**** MATERIAL FOR THIS EXERCISE ****
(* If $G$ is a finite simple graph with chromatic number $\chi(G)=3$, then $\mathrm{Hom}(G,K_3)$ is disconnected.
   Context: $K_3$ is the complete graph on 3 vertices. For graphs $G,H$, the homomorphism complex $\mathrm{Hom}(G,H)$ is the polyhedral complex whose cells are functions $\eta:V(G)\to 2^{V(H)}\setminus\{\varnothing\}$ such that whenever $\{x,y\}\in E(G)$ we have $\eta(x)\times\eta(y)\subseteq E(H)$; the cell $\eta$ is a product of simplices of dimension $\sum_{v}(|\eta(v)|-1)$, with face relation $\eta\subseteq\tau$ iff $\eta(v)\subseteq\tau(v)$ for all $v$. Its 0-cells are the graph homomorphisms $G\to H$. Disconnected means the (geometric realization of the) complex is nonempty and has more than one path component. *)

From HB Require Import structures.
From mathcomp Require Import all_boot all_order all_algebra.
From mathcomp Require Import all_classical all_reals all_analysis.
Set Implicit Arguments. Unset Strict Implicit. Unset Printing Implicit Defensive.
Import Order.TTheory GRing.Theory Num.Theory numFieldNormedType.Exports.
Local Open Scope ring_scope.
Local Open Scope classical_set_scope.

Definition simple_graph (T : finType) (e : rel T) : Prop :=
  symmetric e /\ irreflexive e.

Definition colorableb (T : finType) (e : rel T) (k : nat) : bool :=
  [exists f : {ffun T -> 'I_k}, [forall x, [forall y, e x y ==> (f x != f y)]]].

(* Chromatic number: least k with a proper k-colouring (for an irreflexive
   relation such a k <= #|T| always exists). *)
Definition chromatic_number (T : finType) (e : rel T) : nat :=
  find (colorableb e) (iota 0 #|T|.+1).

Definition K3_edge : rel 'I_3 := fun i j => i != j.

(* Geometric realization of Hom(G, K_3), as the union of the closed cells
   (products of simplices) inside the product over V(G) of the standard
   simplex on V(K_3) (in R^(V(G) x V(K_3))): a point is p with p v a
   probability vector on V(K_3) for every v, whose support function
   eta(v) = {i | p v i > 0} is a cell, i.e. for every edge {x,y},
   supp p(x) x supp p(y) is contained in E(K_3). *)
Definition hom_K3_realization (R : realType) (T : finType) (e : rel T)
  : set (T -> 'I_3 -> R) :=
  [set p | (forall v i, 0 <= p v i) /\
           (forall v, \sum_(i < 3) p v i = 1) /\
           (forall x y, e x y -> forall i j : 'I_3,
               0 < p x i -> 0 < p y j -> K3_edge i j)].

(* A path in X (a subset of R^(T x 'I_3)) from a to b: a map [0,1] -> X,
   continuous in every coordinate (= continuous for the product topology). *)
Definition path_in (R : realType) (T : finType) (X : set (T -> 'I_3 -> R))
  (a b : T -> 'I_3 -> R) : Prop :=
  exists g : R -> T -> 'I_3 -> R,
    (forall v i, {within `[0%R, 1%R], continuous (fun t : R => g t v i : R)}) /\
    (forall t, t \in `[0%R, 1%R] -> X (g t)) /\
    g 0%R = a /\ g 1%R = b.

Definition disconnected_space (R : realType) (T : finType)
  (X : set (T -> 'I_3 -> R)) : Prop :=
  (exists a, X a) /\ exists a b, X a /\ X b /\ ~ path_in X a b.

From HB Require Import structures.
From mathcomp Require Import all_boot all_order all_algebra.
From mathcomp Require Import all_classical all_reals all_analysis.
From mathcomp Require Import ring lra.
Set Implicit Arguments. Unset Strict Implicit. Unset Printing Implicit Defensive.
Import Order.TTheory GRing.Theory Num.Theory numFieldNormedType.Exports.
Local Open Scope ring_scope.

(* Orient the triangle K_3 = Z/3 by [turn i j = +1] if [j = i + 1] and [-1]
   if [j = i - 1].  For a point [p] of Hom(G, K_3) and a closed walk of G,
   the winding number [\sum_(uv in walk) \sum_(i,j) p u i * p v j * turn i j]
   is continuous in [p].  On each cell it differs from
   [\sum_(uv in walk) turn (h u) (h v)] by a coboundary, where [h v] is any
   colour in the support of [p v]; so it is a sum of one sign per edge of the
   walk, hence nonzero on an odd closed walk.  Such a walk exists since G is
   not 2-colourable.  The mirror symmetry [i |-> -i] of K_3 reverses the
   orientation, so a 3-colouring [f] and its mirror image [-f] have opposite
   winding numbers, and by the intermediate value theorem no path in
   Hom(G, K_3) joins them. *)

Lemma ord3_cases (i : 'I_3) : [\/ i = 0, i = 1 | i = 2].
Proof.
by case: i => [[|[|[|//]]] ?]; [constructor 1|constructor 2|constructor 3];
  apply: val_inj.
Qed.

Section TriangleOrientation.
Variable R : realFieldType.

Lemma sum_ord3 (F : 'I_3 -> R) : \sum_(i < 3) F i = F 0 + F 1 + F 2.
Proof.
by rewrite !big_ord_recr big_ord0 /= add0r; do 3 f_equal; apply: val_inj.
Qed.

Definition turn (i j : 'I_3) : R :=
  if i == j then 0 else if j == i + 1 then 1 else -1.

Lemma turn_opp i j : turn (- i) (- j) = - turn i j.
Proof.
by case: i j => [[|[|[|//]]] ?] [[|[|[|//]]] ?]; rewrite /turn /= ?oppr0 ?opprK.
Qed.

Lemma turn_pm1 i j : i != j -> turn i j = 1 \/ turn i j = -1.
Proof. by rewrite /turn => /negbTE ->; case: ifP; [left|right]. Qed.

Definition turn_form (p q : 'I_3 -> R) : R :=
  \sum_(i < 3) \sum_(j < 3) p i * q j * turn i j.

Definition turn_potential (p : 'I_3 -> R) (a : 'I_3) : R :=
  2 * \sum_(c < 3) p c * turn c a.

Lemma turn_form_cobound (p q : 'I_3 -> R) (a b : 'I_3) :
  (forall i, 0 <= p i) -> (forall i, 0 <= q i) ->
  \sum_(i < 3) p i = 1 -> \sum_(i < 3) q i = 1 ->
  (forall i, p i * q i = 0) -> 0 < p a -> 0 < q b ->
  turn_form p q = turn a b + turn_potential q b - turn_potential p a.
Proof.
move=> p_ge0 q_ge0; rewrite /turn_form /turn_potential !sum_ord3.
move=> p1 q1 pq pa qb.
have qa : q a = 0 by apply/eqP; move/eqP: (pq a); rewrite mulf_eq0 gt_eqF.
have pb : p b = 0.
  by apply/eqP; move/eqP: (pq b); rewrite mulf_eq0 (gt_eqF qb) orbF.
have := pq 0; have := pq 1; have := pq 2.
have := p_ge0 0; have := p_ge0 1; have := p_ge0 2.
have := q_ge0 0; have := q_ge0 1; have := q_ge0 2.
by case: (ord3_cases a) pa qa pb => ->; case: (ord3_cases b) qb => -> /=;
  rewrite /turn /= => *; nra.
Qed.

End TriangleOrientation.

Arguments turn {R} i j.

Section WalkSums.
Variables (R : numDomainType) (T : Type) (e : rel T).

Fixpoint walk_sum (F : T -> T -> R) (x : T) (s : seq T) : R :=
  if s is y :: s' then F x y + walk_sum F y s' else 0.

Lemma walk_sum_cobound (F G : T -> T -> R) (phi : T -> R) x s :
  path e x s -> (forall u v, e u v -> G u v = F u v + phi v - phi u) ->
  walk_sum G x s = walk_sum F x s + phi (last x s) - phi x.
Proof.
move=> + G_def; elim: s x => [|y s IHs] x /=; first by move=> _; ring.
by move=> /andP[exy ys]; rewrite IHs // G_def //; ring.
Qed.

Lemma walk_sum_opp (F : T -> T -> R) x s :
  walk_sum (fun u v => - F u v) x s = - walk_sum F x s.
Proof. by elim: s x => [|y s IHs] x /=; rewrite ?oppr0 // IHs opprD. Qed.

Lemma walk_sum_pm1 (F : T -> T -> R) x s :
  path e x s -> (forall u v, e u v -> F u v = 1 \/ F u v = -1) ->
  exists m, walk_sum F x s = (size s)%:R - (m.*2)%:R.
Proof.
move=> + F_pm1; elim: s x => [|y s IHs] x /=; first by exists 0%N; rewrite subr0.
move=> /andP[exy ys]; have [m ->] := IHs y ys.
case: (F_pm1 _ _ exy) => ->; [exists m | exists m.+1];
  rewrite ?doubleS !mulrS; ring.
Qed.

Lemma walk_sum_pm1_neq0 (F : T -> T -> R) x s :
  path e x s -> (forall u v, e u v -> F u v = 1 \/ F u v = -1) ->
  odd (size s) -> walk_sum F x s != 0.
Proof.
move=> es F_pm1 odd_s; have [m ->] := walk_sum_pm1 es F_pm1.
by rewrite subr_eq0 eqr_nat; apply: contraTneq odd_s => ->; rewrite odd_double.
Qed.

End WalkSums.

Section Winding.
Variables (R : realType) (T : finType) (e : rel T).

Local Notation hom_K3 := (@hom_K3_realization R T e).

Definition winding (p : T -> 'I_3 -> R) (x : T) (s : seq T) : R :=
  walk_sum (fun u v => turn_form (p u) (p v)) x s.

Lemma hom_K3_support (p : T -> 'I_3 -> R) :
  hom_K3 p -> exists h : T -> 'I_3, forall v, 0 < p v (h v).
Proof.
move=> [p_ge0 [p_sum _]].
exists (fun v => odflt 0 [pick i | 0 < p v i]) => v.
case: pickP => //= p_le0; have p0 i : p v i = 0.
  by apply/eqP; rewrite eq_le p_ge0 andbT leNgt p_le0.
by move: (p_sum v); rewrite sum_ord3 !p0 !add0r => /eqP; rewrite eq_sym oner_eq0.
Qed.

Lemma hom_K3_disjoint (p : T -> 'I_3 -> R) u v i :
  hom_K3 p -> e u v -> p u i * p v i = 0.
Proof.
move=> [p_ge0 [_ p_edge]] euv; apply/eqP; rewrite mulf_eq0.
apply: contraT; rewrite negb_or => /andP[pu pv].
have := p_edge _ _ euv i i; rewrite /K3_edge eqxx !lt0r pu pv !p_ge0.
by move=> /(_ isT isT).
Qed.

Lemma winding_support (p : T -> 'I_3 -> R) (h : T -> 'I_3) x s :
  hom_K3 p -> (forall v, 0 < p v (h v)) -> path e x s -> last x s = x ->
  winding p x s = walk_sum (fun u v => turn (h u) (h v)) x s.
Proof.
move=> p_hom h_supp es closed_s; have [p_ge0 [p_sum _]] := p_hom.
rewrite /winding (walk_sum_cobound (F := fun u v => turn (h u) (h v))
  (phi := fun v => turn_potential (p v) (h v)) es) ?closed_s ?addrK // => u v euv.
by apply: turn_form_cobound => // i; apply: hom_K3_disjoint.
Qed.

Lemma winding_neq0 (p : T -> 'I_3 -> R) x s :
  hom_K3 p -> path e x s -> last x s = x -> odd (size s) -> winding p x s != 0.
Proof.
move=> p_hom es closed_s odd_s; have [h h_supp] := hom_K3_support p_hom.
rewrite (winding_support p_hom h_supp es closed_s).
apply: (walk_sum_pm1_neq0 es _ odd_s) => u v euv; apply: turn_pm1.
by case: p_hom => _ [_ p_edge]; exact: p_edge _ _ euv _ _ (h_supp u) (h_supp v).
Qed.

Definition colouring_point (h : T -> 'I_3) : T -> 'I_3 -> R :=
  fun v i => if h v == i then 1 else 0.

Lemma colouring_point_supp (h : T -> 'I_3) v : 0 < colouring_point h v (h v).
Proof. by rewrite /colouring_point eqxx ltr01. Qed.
****
- [TASK DETAILS]: Transcribe the records above from the line holding "Lemma walk_sum_opp (F" down to the line holding "Lemma hom_K3_disjoint (p", inclusive, without adding anything.

- [YOUR RESPONSE]:
Lemma walk_sum_opp (F : T -> T -> R) x s :
  walk_sum (fun u v => - F u v) x s = - walk_sum F x s.
Proof. by elim: s x => [|y s IHs] x /=; rewrite ?oppr0 // IHs opprD. Qed.

Lemma walk_sum_pm1 (F : T -> T -> R) x s :
  path e x s -> (forall u v, e u v -> F u v = 1 \/ F u v = -1) ->
  exists m, walk_sum F x s = (size s)%:R - (m.*2)%:R.
Proof.
move=> + F_pm1; elim: s x => [|y s IHs] x /=; first by exists 0%N; rewrite subr0.
move=> /andP[exy ys]; have [m ->] := IHs y ys.
case: (F_pm1 _ _ exy) => ->; [exists m | exists m.+1];
  rewrite ?doubleS !mulrS; ring.
Qed.

Lemma walk_sum_pm1_neq0 (F : T -> T -> R) x s :
  path e x s -> (forall u v, e u v -> F u v = 1 \/ F u v = -1) ->
  odd (size s) -> walk_sum F x s != 0.
Proof.
move=> es F_pm1 odd_s; have [m ->] := walk_sum_pm1 es F_pm1.
by rewrite subr_eq0 eqr_nat; apply: contraTneq odd_s => ->; rewrite odd_double.
Qed.

End WalkSums.

Section Winding.
Variables (R : realType) (T : finType) (e : rel T).

Local Notation hom_K3 := (@hom_K3_realization R T e).

Definition winding (p : T -> 'I_3 -> R) (x : T) (s : seq T) : R :=
  walk_sum (fun u v => turn_form (p u) (p v)) x s.

Lemma hom_K3_support (p : T -> 'I_3 -> R) :
  hom_K3 p -> exists h : T -> 'I_3, forall v, 0 < p v (h v).
Proof.
move=> [p_ge0 [p_sum _]].
exists (fun v => odflt 0 [pick i | 0 < p v i]) => v.
case: pickP => //= p_le0; have p0 i : p v i = 0.
  by apply/eqP; rewrite eq_le p_ge0 andbT leNgt p_le0.
by move: (p_sum v); rewrite sum_ord3 !p0 !add0r => /eqP; rewrite eq_sym oner_eq0.
Qed.

Lemma hom_K3_disjoint (p : T -> 'I_3 -> R) u v i :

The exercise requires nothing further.